Risks arising from non-payment of PACE loans may be mitigated in a similar way. PACE payment assessments may only be assessed one year at a time. The PACE lender may not accelerate the payments. For this reason, a senior mortgage lender may address and mitigate the risk of non-payment and foreclosure by the PACE lender much like the lender mitigates the risk of non-payment of property taxes. That is, by making sure the senior lender can make the PACE loan payments, adding the payment to the balance of the loan, and by making non-payment of the PACE payments an event of default like any other default.

The senior lender might also consider whether it would be useful to set up a reserve to cover initial payments or an escrow account to reserve funds for paying the PACE loan payments.  

Where PACE loan assessments are addressed like tax assessments, a senior lender can make a much more solid case for permitting a PACE loan to be part funding improvements on a borrower’s property.

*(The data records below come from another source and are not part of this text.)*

Lemma count_cons_true_wsum_le a m l :
  count (fun s => wsum a s <= m)%N (map (cons true) l) =
  if (a 0 <= m)%N then count (fun s => wsum (fun i => a i.+1) s <= m - a 0)%N l
  else 0%N.
Proof.
rewrite count_map; case: ifP => am.
  by apply: eq_count => s /=; rewrite wsum_cons mul1n leq_subRL.
apply/eqP; rewrite -leqn0 leqNgt -has_count; apply/hasPn => s _ /=.
by rewrite wsum_cons mul1n -ltnNge (leq_trans _ (leq_addr _ _)) // ltnNge am.
Qed.

Lemma count_wsum_le a n m :
  count (fun s => wsum a s <= m)%N (bitseqs n) = nsubsets_le a n m.
Proof.
elim: n a m => [|n IHn] a m /=; first by rewrite /wsum big_ord0.
by rewrite count_cat count_cons_false_wsum_le count_cons_true_wsum_le !IHn.
Qed.

Lemma count_head_wsum_le a n m :
  count (fun s => head false s && (wsum a s <= m))%N (bitseqs n.+1) =
  if (a 0 <= m)%N then nsubsets_le (fun i => a i.+1) n (m - a 0) else 0%N.
Proof.
rewrite -count_wsum_le -count_cons_true_wsum_le /= count_cat !count_map.
by rewrite (@eq_count _ _ pred0) ?count_pred0.
Qed.

Lemma probability_setI_full d (T : measurableType d) (R : realType)
    (P : probability T R) (A U : set T) :
  measurable A -> measurable U -> P U = 1%E -> P (A `&` U) = P A.
Proof.
move=> mA mU PU; rewrite [RHS](measureDI P mA mU).
have PnU : P (~` U) = 0%E by rewrite probability_setC // PU subee.
rewrite (@subset_measure0 _ _ _ P (A `\` U) (~` U)) ?add0e //.
  exact: measurableD.
exact: measurableC.
Qed.

Definition ratioS (R : realType) (F : nat -> nat) (k : nat) : R :=
  (F k)%:R / ((F k.+1)%:R + (F k)%:R).

Section BernoulliAtoms.
Context d (T : measurableType d) (R : realType) (P : probability T R).
Variables (X : nat -> {RV P >-> R}) (a : nat -> nat).
Hypotheses (a_gt0 : forall i, (0 < a i)%N)
  (X_indep : mutually_independent P (fun i => X i : T -> R))
  (X_a : forall i, P [set t | X i t = (a i)%:R] = (2^-1)%:E)
  (X_0 : forall i, P [set t | X i t = 0] = (2^-1)%:E).

Definition atom (s : seq bool) : set T :=
  [set t | forall i, (i < size s)%N -> X i t = (nth false s i * a i)%:R].

Lemma atomE s : atom s = \bigcap_(i in [set` seq_fset tt (iota 0 (size s))])
  X i @^-1` [set (nth false s i * a i)%:R].
Proof.
have memI i : [set` seq_fset tt (iota 0 (size s))] i <-> (i < size s)%N.
  by change (i \in seq_fset tt (iota 0 (size s)) <-> (i < size s)%N);
    rewrite seq_fsetE mem_iota.
by apply/seteqP; split=> t At i /memI; apply: At.
Qed.

Lemma measurable_atom s : measurable (atom s).
Proof.
rewrite atomE; apply: fin_bigcap_measurable; first exact: finite_fset.
by move=> i _; exact: measurable_funPTI (measurable_set1 _).
Qed.

Lemma prob_atom s : P (atom s) = ((2^-1) ^+ size s)%:E.
Proof.
rewrite atomE X_indep => [|i _]; last exact: measurable_set1.
rewrite (eq_bigr (fun=> (2^-1)%:E)) => [|i _]; last first.
  by case: nth; [rewrite mul1n; exact: X_a | exact: X_0].
rewrite prodEFin big_const_seq count_predT iter_mulr_1.
by rewrite size_seq_fset undup_id ?iota_uniq // size_iota.
Qed.

Lemma atomI_eq0 s s' : size s = size s' -> s != s' -> atom s `&` atom s' = set0.
Proof.
move=> ss' /eqP s_neq; apply/seteqP; split => // t [At A't]; apply: s_neq.
apply: (eq_from_nth (x0 := false) ss') => i si.
have si' : (i < size s')%N by rewrite -ss'.
have /eqP := etrans (esym (At i si)) (A't i si').
by rewrite eqr_nat eqn_pmul2r //; do 2 case: nth.
Qed.

Lemma prob_bigsetU_atom n l (Q : pred (seq bool)) :
  uniq l -> {in l, forall s, size s = n} ->
  P (\big[setU/set0]_(s <- l | Q s) atom s) = ((count Q l)%:R * (2^-1) ^+ n)%:E.
Proof.
move=> l_uniq l_size; rewrite -big_filter -bigcup_seq measure_fin_bigcup.
- rewrite -fsbig_seq ?filter_uniq // (eq_big_seq (fun=> ((2^-1) ^+ n)%:E)).
    by rewrite sumEFin big_const_seq count_predT iter_addr_0 size_filter mulr_natl.
  by move=> s; rewrite mem_filter => /andP[_ /l_size <-]; exact: prob_atom.
- exact: finite_seq.
- move=> s s' /=; rewrite !mem_filter => /andP[_ /l_size ls] /andP[_ /l_size ls'].
  have [//|s_neq] := eqVneq s s'.
  by rewrite atomI_eq0 ?ls ?ls' // => -[].
- by move=> s _; exact: measurable_atom.
Qed.

Lemma prob_atom_count n (A : set T) (Q : pred (seq bool)) : measurable A ->
  (forall s t, s \in bitseqs n -> atom s t -> A t <-> Q s) ->
  P A = ((count Q (bitseqs n))%:R * (2^-1) ^+ n)%:E.
Proof.
move=> mA AQ; set U := \big[setU/set0]_(s <- bitseqs n) atom s.
have mU : measurable U by apply: bigsetU_measurable => s _; exact: measurable_atom.
have PU : P U = 1%E.
  rewrite (@prob_bigsetU_atom n) ?uniq_bitseqs //; last exact: size_mem_bitseqs.
  by rewrite count_predT size_bitseqs natrX exprVn mulfV // expf_neq0.
have AU : A `&` U = \big[setU/set0]_(s <- bitseqs n | Q s) atom s.
  rewrite /U -bigcup_seq -bigcup_seq_cond; apply/seteqP; split => t.
    by move=> [At [s sn Est]]; exists s => //=; rewrite sn; apply/(AQ s t sn Est).
  by move=> [s /andP[sn Qs] Est]; split; [exact/(AQ s t sn Est) | exists s].
rewrite -(probability_setI_full mA mU PU) AU (@prob_bigsetU_atom n) //.
  exact: uniq_bitseqs.
exact: size_mem_bitseqs.
Qed.

Lemma sum_X_atom n s t : size s = n -> atom s t ->
  \sum_(i < n) X i t = (wsum a s)%:R.
Proof.
by move=> <- Ast; rewrite /wsum natr_sum; apply: eq_bigr => i _; exact: Ast.
Qed.

Lemma measurable_sum_X_le n (r : R) :
  measurable [set t | \sum_(i < n) X i t <= r].
Proof.
rewrite -[X in measurable X]setTI; apply: measurable_fun_le => //.
by apply: measurable_sum => i; exact: measurable_funP.
Qed.

Lemma prob_sum_X_le n (L : nat) :
  P [set t | \sum_(i < n) X i t <= L%:R] =
  ((nsubsets_le a n L)%:R * (2^-1) ^+ n)%:E.
Proof.
rewrite -count_wsum_le; apply: prob_atom_count => [|s t /size_mem_bitseqs sn Ast].
  exact: measurable_sum_X_le.
by rewrite /= (sum_X_atom sn Ast) ler_nat.
Qed.

Lemma prob_X0_sum_X_le (a0 : a 0 = 1%N) n L :
  P ([set t | X 0 t = 1] `&` [set t | \sum_(i < n.+1) X i t <= L.+1%:R]) =
  ((nsubsets_le (fun i => a i.+1) n L)%:R * (2^-1) ^+ n.+1)%:E.
Proof.
have -> : nsubsets_le (fun i => a i.+1) n L =
          count (fun s => head false s && (wsum a s <= L.+1)%N) (bitseqs n.+1).
  by rewrite count_head_wsum_le a0 subn1.
apply: prob_atom_count => [|s t /size_mem_bitseqs sn Ast].
  apply: measurableI; last exact: measurable_sum_X_le.
  exact: measurable_funPTI (measurable_set1 _).
have X0t : X 0 t = (head false s)%:R.
  by case: s sn Ast => // b s' _ /(_ 0%N isT); rewrite a0 muln1.
rewrite /= X0t (sum_X_atom sn Ast) ler_nat.
by case: (head false s) => /=; split=> [[/esym/eqP]|]; rewrite ?oner_eq0.
Qed.

Lemma condprob_X0_sum_X_le (a0 : a 0 = 1%N) n L :
  condprob P [set t | X 0 t = 1] [set t | \sum_(i < n.+1) X i t <= L.+1%:R] =
  ratioS R (nsubsets_le (fun i => a i.+1) n) L.
Proof.
rewrite /condprob prob_X0_sum_X_le // prob_sum_X_le /= a0 subn1 /= natrD /ratioS.
by rewrite invfM mulrACA mulfV ?mulr1 // expf_neq0 // invr_eq0 pnatr_eq0.
Qed.

End BernoulliAtoms.

(** * Limit superior and inferior of extended real sequences *)

Section limn_esup_einf_frequently.
Context {R : realType}.
Implicit Types (u : (\bar R)^nat) (x : \bar R).
Local Open Scope ereal_scope.

Lemma limn_esup_le_near u x : (\forall n \near \oo, u n <= x) -> limn_esup u <= x.
Proof.
move=> ux; rewrite /limn_esup limf_esupE; apply: ge_ereal_inf.
exists (ereal_sup (u @` [set n | u n <= x])); first by exists [set n | u n <= x].
by apply: ge_ereal_sup => _ [n + <-].
Qed.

Benefits for the Senior Lender for Permitting a PACE Loan

Allowing a borrower to use a PACE loan can improve the overall credit quality of a commercial development or rehabilitation. Some of the impacts a PACE loan may have are: a) reducing the LTV ratio of the senior debt, b) reducing the overall cost of capital, c) reducing lending limit pressures for large lending relationships, and d) providing a means for funding “green” fixtures, like solar panel installations and gray water applications that might not be suitable for some lenders.

Hopefully, taking a look at PACE loans from another perspective can open up additional lending opportunities for banks in regions where PACE loans are permitted.

Also published at Farleylawpllc.com.